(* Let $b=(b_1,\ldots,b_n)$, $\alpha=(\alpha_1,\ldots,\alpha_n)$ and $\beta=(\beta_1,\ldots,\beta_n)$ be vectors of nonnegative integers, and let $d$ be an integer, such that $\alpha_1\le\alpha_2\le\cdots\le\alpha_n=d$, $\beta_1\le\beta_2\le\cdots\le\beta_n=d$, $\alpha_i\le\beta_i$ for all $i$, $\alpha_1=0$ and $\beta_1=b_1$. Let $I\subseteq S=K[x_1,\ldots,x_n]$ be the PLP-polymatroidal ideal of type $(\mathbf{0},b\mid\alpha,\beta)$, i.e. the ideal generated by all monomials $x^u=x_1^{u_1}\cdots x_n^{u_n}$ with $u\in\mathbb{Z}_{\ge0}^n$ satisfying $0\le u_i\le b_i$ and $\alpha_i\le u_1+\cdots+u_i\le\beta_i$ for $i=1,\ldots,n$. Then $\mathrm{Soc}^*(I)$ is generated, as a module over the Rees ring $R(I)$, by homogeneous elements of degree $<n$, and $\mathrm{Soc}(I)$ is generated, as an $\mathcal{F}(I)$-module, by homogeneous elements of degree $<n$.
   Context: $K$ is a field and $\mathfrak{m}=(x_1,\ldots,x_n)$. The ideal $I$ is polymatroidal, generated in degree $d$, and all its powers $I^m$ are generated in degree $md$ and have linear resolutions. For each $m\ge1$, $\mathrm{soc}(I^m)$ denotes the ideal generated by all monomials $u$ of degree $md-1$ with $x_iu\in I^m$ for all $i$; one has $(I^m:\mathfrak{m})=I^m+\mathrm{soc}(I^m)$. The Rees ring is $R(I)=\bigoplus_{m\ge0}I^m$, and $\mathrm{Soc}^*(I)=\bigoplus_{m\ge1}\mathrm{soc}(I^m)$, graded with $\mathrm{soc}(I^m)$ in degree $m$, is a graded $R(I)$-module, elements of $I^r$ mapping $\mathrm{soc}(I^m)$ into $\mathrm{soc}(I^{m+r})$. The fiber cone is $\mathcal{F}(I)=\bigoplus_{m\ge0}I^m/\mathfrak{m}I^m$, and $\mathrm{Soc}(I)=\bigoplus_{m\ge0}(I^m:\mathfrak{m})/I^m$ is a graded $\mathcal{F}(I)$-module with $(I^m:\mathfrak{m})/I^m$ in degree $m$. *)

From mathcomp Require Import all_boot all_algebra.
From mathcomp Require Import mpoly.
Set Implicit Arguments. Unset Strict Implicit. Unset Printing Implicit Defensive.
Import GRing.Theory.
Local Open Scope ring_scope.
◇ ◇ ◇ ◇ ◇
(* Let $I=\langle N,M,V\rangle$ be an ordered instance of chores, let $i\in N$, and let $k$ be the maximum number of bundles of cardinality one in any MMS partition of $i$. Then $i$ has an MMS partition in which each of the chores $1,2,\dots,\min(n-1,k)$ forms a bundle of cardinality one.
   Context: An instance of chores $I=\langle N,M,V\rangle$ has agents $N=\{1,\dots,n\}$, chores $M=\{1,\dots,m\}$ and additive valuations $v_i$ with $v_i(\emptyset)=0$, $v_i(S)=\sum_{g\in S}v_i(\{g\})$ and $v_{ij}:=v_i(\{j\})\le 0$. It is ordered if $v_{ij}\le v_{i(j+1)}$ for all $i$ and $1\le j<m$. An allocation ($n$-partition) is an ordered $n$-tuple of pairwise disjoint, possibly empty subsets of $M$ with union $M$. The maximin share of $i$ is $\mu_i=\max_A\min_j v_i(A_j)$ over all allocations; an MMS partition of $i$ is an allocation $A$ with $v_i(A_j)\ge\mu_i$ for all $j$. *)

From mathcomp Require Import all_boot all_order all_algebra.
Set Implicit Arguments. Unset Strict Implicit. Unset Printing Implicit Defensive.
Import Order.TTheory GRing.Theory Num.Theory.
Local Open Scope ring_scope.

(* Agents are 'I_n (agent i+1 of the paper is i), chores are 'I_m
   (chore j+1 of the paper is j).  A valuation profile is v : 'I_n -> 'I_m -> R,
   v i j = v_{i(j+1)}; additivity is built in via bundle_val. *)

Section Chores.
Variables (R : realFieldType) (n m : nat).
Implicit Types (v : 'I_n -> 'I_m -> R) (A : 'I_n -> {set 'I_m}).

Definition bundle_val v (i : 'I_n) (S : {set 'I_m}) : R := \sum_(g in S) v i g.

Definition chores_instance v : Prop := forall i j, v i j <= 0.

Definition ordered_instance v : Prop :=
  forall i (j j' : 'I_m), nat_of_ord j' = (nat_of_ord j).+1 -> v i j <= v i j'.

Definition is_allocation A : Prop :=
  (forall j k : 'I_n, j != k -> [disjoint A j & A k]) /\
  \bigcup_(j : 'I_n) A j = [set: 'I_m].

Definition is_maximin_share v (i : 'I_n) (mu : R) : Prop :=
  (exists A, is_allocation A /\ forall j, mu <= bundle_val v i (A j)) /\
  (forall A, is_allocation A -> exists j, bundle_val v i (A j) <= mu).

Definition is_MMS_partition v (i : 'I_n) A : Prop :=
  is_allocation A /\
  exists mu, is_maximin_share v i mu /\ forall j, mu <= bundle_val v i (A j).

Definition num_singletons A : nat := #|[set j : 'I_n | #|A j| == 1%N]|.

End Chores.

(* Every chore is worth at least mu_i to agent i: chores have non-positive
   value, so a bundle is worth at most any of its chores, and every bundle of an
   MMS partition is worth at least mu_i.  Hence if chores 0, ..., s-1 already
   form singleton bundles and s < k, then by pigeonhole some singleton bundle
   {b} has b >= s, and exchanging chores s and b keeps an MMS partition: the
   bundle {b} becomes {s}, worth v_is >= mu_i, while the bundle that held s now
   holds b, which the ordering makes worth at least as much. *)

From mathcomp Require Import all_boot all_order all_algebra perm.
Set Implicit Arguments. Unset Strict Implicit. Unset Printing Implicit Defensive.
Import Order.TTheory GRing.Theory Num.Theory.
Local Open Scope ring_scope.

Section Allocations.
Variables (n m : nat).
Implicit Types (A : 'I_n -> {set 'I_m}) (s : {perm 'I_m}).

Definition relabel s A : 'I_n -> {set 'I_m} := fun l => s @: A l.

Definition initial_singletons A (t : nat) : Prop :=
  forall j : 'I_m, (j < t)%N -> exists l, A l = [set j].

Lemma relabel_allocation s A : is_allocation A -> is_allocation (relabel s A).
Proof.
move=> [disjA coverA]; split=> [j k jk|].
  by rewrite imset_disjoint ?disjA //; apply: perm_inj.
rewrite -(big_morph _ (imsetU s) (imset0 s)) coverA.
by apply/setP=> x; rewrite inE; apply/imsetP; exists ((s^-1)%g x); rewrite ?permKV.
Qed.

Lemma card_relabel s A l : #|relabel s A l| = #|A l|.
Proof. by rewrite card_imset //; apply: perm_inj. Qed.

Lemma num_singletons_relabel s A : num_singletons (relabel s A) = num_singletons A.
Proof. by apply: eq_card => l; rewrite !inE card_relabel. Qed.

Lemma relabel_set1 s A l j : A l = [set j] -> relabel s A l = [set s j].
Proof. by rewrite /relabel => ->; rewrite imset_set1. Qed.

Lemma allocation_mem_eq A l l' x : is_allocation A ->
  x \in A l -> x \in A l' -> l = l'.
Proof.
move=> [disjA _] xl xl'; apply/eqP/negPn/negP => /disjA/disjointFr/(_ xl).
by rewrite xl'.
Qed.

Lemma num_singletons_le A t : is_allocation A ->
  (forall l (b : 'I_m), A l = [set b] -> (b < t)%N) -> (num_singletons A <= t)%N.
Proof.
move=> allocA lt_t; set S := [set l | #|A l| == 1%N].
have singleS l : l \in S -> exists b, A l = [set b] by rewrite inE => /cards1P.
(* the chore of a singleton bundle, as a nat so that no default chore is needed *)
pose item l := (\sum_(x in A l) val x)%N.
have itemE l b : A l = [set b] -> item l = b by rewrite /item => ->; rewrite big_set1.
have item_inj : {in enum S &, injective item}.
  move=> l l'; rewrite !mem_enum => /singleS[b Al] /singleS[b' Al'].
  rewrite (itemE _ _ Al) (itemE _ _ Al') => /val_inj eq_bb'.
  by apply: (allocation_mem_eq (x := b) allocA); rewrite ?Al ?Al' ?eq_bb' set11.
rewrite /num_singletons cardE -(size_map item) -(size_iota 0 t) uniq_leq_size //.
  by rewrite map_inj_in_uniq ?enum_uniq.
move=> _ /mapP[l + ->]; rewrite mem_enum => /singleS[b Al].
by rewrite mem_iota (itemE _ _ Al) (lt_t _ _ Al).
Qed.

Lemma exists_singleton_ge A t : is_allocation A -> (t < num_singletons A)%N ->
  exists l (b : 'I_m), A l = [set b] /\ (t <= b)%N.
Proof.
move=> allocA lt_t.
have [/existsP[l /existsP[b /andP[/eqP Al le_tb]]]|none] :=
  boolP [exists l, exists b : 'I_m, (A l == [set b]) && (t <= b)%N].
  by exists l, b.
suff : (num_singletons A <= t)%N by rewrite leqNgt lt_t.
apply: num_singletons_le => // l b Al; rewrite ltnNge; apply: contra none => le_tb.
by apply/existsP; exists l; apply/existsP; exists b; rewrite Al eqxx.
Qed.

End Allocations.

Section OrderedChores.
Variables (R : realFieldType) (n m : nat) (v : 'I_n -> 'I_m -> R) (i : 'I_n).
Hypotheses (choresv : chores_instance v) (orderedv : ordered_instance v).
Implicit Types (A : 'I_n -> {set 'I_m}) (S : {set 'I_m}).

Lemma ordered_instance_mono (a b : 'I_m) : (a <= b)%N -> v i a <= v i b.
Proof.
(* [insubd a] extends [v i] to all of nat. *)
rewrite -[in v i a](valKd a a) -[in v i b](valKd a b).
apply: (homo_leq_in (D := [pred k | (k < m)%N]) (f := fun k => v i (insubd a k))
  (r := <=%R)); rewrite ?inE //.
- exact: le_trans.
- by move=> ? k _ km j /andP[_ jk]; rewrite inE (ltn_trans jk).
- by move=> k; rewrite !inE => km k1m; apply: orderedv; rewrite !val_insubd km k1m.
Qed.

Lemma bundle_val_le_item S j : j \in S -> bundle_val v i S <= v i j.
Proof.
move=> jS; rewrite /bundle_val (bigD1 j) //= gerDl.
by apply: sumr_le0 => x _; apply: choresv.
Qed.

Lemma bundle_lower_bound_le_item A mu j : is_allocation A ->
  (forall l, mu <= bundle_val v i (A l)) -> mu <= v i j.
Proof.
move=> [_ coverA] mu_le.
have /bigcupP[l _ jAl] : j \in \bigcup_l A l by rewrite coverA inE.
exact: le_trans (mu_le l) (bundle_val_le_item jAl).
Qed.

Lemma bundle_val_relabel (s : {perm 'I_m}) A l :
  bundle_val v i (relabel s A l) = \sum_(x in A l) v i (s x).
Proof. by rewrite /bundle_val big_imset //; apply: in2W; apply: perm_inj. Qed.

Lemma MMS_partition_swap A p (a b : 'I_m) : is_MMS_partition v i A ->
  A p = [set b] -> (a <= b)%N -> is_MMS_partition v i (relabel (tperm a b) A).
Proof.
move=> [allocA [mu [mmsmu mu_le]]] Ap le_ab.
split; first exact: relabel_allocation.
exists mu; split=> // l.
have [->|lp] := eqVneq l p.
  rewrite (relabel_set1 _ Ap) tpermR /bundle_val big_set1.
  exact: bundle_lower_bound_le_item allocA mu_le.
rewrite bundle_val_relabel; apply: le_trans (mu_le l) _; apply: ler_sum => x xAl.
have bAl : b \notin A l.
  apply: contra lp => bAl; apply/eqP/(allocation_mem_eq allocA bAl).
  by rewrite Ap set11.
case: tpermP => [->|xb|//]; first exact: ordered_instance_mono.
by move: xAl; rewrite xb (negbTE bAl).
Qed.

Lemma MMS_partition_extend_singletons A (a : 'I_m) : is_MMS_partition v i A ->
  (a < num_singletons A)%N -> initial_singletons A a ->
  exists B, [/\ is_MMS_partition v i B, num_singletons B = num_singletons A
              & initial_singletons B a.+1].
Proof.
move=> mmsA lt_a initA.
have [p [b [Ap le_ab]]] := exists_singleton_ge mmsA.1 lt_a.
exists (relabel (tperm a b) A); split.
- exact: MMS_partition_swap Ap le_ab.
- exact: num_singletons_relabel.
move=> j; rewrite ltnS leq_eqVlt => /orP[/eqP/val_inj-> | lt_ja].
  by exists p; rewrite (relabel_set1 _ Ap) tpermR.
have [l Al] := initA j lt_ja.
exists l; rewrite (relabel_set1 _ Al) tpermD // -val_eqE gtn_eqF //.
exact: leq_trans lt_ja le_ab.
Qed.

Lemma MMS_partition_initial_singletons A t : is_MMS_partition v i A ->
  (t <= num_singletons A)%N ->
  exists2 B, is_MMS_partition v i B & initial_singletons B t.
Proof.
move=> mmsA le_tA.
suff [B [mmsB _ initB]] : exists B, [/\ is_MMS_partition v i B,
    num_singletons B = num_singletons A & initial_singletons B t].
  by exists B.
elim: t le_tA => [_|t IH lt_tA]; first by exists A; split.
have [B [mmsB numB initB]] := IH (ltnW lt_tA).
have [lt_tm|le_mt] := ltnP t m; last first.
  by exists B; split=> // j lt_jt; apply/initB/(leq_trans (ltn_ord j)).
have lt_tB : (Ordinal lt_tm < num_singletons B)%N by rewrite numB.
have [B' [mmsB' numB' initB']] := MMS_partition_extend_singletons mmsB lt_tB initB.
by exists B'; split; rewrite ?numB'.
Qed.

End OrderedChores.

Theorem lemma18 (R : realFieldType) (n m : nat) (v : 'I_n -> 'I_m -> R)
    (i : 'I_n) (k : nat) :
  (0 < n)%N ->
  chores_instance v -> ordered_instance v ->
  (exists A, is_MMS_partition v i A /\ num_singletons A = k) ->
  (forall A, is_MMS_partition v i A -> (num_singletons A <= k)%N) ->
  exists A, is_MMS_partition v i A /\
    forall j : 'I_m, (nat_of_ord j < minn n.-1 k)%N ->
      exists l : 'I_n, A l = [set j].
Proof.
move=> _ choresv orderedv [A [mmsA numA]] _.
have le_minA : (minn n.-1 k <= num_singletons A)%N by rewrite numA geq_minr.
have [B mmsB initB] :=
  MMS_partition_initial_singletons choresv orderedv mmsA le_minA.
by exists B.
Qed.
◇ ◇ ◇ ◇ ◇
» **Exercise prompt**:
Using the listing, copy every line where the word "mathrm" shows up.

» **Your solution**:
(* Let $b=(b_1,\ldots,b_n)$, $\alpha=(\alpha_1,\ldots,\alpha_n)$ and $\beta=(\beta_1,\ldots,\beta_n)$ be vectors of nonnegative integers, and let $d$ be an integer, such that $\alpha_1\le\alpha_2\le\cdots\le\alpha_n=d$, $\beta_1\le\beta_2\le\cdots\le\beta_n=d$, $\alpha_i\le\beta_i$ for all $i$, $\alpha_1=0$ and $\beta_1=b_1$. Let $I\subseteq S=K[x_1,\ldots,x_n]$ be the PLP-polymatroidal ideal of type $(\mathbf{0},b\mid\alpha,\beta)$, i.e. the ideal generated by all monomials $x^u=x_1^{u_1}\cdots x_n^{u_n}$ with $u\in\mathbb{Z}_{\ge0}^n$ satisfying $0\le u_i\le b_i$ and $\alpha_i\le u_1+\cdots+u_i\le\beta_i$ for $i=1,\ldots,n$. Then $\mathrm{Soc}^*(I)$ is generated, as a module over the Rees ring $R(I)$, by homogeneous elements of degree $<n$, and $\mathrm{Soc}(I)$ is generated, as an $\mathcal{F}(I)$-module, by homogeneous elements of degree $<n$.
   Context: $K$ is a field and $\mathfrak{m}=(x_1,\ldots,x_n)$. The ideal $I$ is polymatroidal, generated in degree $d$, and all its powers $I^m$ are generated in degree $md$ and have linear resolutions. For each $m\ge1$, $\mathrm{soc}(I^m)$ denotes the ideal generated by all monomials $u$ of degree $md-1$ with $x_iu\in I^m$ for all $i$; one has $(I^m:\mathfrak{m})=I^m+\mathrm{soc}(I^m)$. The Rees ring is $R(I)=\bigoplus_{m\ge0}I^m$, and $\mathrm{Soc}^*(I)=\bigoplus_{m\ge1}\mathrm{soc}(I^m)$, graded with $\mathrm{soc}(I^m)$ in degree $m$, is a graded $R(I)$-module, elements of $I^r$ mapping $\mathrm{soc}(I^m)$ into $\mathrm{soc}(I^{m+r})$. The fiber cone is $\mathcal{F}(I)=\bigoplus_{m\ge0}I^m/\mathfrak{m}I^m$, and $\mathrm{Soc}(I)=\bigoplus_{m\ge0}(I^m:\mathfrak{m})/I^m$ is a graded $\mathcal{F}(I)$-module with $(I^m:\mathfrak{m})/I^m$ in degree $m$. *)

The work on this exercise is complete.